ISRAEL has promised to bar Nobel Prize-winning German author Gunter Grass from its territory, after he published a controversial poem claiming that the country “endangers an already fragile world peace.”

The poem referred to the possibility that an Israeli strike on Iran could “annihilate the Iranian people.”
Prime Minister Benjamin Netanyahu released a statement saying: “Gunter Grass’s shameful moral equivalence between Israel and Iran, a regime that denies the Holocaust and threatens to annihilate Israel, says little about Israel and much about Mr Grass.”
Referring to Grass’ admission in 2006 that he had been an SS soldier, Netanyahu said: “For six decades, Mr. Grass hid the fact that he had been a member of the Waffen SS. So for him to cast the one and only Jewish state as the greatest threat to world peace and to oppose giving Israel the means to defend itself is perhaps not surprising.”
Israel’s literary community joined the criticism.
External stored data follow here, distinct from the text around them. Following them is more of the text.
Lemma count_last_above_ndom Q M l : (forall x, Q x -> x < l) -> l < M ->
  count (fun s => alt_ok Q s && (last 0 s == l)) (perms M) = ndom Q l.
Proof.
move=> Ql lM; have := count_last_above predT Ql lM.
rewrite (eq_count (a2 := fun s => alt_ok Q s && (last 0 s == l))) => [->|s]; last by rewrite andbT.
by apply: eq_count => t; rewrite andbT.
Qed.

Lemma count_last_max P W M : P W -> (forall x, P x -> x <= W) -> W <= M ->
  count (fun s => alt_ok P s && (last 0 s == W)) (perms M.+1) = ndom_incr (predD1 P W) W M.
Proof.
move=> PW PleW WM; set h := fun t => rcons (map (bump W) t) W.
symmetry; apply: (count_eq_bij (h := h)); rewrite ?perms_uniq //.
- move=> t1 t2 _ _ e; apply: (inj_map (can_inj (bumpK W))); exact: rcons_injl e.
- move=> t; rewrite !mem_filter => /andP[okt tp].
  by rewrite /h perms_rcons_bump // tp alt_ok_rcons_bump // okt last_rcons eqxx.
move=> s; rewrite mem_filter => /andP[/andP[oks /eqP ls] sp].
case/lastP: s => [|s z] in sp oks ls *; first by have := perms_size sp.
rewrite last_rcons in ls; subst z.
have Ws : W \notin s by case/rcons_permsP: sp => _ _ ->; rewrite eqxx andbF.
have es : s = map (bump W) (map (unbump W) s).
  rewrite -map_comp map_id_in // => x xs /=; rewrite unbumpK // inE.
  by apply: contraNneq Ws => <-.
apply/mapP; exists (map (unbump W) s); last by rewrite /h -es.
by rewrite mem_filter -(@perms_rcons_bump W M _ WM) -(@alt_ok_rcons_bump P W _ PW PleW) -es oks sp.
Qed.

Lemma ndom_succ P W M : P W -> (forall x, P x -> x <= W) -> W < M ->
  ndom P M.+1 = ndom_incr (predD1 P W) W M + \sum_(W.+1 <= l < M.+1) ndom P l.
Proof.
move=> PW PleW WM.
rewrite /ndom (count_perms_by_last _ (ltn0Sn M)) (@big_cat_nat _ _ _ W) //=; last lia.
rewrite big1_seq ?add0n => [|l]; last first.
  rewrite mem_index_iota => /andP[_ lW]; rewrite (eq_in_count (a2 := pred0)) ?count_pred0 //.
  move=> s sp /=; case: eqP => [ls|]; rewrite ?andbF // andbT.
  by apply/negbTE/(alt_ok_last_lt PW _ sp); rewrite ?ls.
rewrite big_ltn; last lia.
rewrite count_last_max ?(ltnW WM) //; congr (_ + _).
by apply: eq_big_nat => l /andP[Wl lM]; apply: count_last_above_ndom => // x /PleW; lia.
Qed.

Lemma ndom_incr_succ Q W M : (forall x, Q x -> x < W) -> W <= M ->
  ndom_incr Q W M.+1 + \sum_(W <= l < M.+1) ndom Q l = ndom_incr Q W M + ndom Q M.+1.
Proof.
move=> QltW WM; pose c l := count (fun s => alt_ok Q s && (last 0 s == l)) (perms M.+1).
have Ql l : W <= l -> forall x, Q x -> x < l by move=> Wl x /QltW; lia.
have splitW a : count a (perms M.+1) =
    \sum_(0 <= l < W) count (fun s => a s && (last 0 s == l)) (perms M.+1) +
    \sum_(W <= l < M.+1) count (fun s => a s && (last 0 s == l)) (perms M.+1).
  by rewrite (count_perms_by_last _ (ltn0Sn M)) (@big_cat_nat _ _ _ W) // leqW.
have -> : ndom Q M.+1 = \sum_(0 <= l < W) c l + \sum_(W <= l < M.+1) ndom Q l.
  rewrite /ndom splitW; congr (_ + _); apply: eq_big_nat => l /andP[Wl lM].
  exact: count_last_above_ndom (Ql _ Wl) lM.
suff -> : ndom_incr Q W M.+1 = \sum_(0 <= l < W) c l + ndom_incr Q W M by lia.
rewrite /ndom_incr splitW; congr (_ + _).
  apply: eq_big_nat => l /andP[_ lW]; apply: eq_in_count => s sp /=.
  case: eqP => [ls|]; rewrite ?andbF // !andbT.
  by case: (boolP (alt_ok Q s)) => // oks; rewrite (incr_above_last_lt sp oks) ?ls.
rewrite big_nat_recr //= big1_seq ?add0n => [|l]; last first.
  rewrite mem_index_iota => /andP[Wl lM]; rewrite (eq_in_count (a2 := pred0)) ?count_pred0 //.
  move=> s sp /=; case: eqP => [ls|]; rewrite ?andbF // andbT.
  by apply/negbTE; rewrite negb_and (incr_above_last_ge sp) ?orbT ?ls ?Wl.
rewrite (count_last_above (incr_above W) (Ql _ WM)) // subnn /=.
apply: eq_in_count => t tp; rewrite cats1 incr_above_rcons_max // => x.
by case/permsP: tp => _ ->.
Qed.

Lemma ndom_recurrence P W k : P W -> (forall x, P x -> x <= W) -> W <= k ->
  ndom P k.+3 + \sum_(W <= j < k.+2) ndom (predD1 P W) j =
  2 * ndom P k.+2 + ndom (predD1 P W) k.+2.
Proof.
move=> PW PleW Wk; have P'ltW x : predD1 P W x -> x < W by case/andP => xW /PleW; lia.
have Wk1 : W < k.+1 by lia.
have := ndom_incr_succ P'ltW (leqW Wk); have := ndom_succ PW PleW Wk1.
by have := ndom_succ PW PleW (leqW Wk1); rewrite big_nat_recr /=; lia.
Qed.

Import GRing.Theory.
Local Open Scope ring_scope.

Theorem proposition5 (n : nat) (A : pred nat) (w : nat) :
  (3 <= n)%N ->
  (forall x, A x -> (1 <= x <= n.-1)%N) ->
  A w ->
  (forall x, A x -> (x <= w)%N) ->
  (1 < w < n.-1)%N ->
  ((f n A)%:Z =
     2 * (f n.-1 A)%:Z + (f n.-1 (predD1 A w))%:Z
     - \sum_(w.-1 <= j < n.-1) (f j (predD1 A w))%:Z).
Proof.
case: n => [|[|[|k]]] //= _ _ Aw Amax wn.
set P := fun x => A x.+1; have wE : w = w.-1.+1 by lia.
have PW : P w.-1 by rewrite /P -wE.
have PleW x : P x -> (x <= w.-1)%N by move/Amax; lia.
have Wk : (w.-1 <= k)%N by lia.
have fA' j : f j (predD1 A w) = ndom (predD1 P w.-1) j.
  by rewrite f_count; apply: eq_ndom => x; rewrite /= {1}wE eqSS.
have sumE : \sum_(w.-1 <= j < k.+2) (f j (predD1 A w))%:Z =
            (\sum_(w.-1 <= j < k.+2) ndom (predD1 P w.-1) j)%N%:Z.
  by rewrite (big_morph Posz PoszD (erefl 0%:Z)); apply: eq_bigr => j _; rewrite fA'.
have := ndom_recurrence PW PleW Wk.
by rewrite sumE !fA' !f_count -/P; lia.
Qed.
The Hebrew Writers’ Association claimed in a statement that Grass’ “terrible statement cast a dark shadow over all of his writings.”
Interior Minister Eli Yishai, who took the decision to bar the writer, said he did so because of his “attempt to inflame hatred against the State of Israel and people of Israel.”
But while Yishai’s ban brought him applause from some, Israel’s leading expert on Israel-Germany relations believes it may have backfired. Moshe Zimmerman, who is currently monitoring the German response to the poem from Hamburg, told The AJN that while condemnation of Grass was at first almost universal in Germany, Israel’s response has brought a surge of sympathy for the writer. It broke the consensus belief that he was in the wrong, and opened up a public discussion about whether or not Israel has treated him fairly, said Zimmerman, head of Hebrew University’s Richard Koebner Minerva Centre for German History.
“The Israeli reaction did a disservice for those fighting for Israel and protecting Israel,” he said.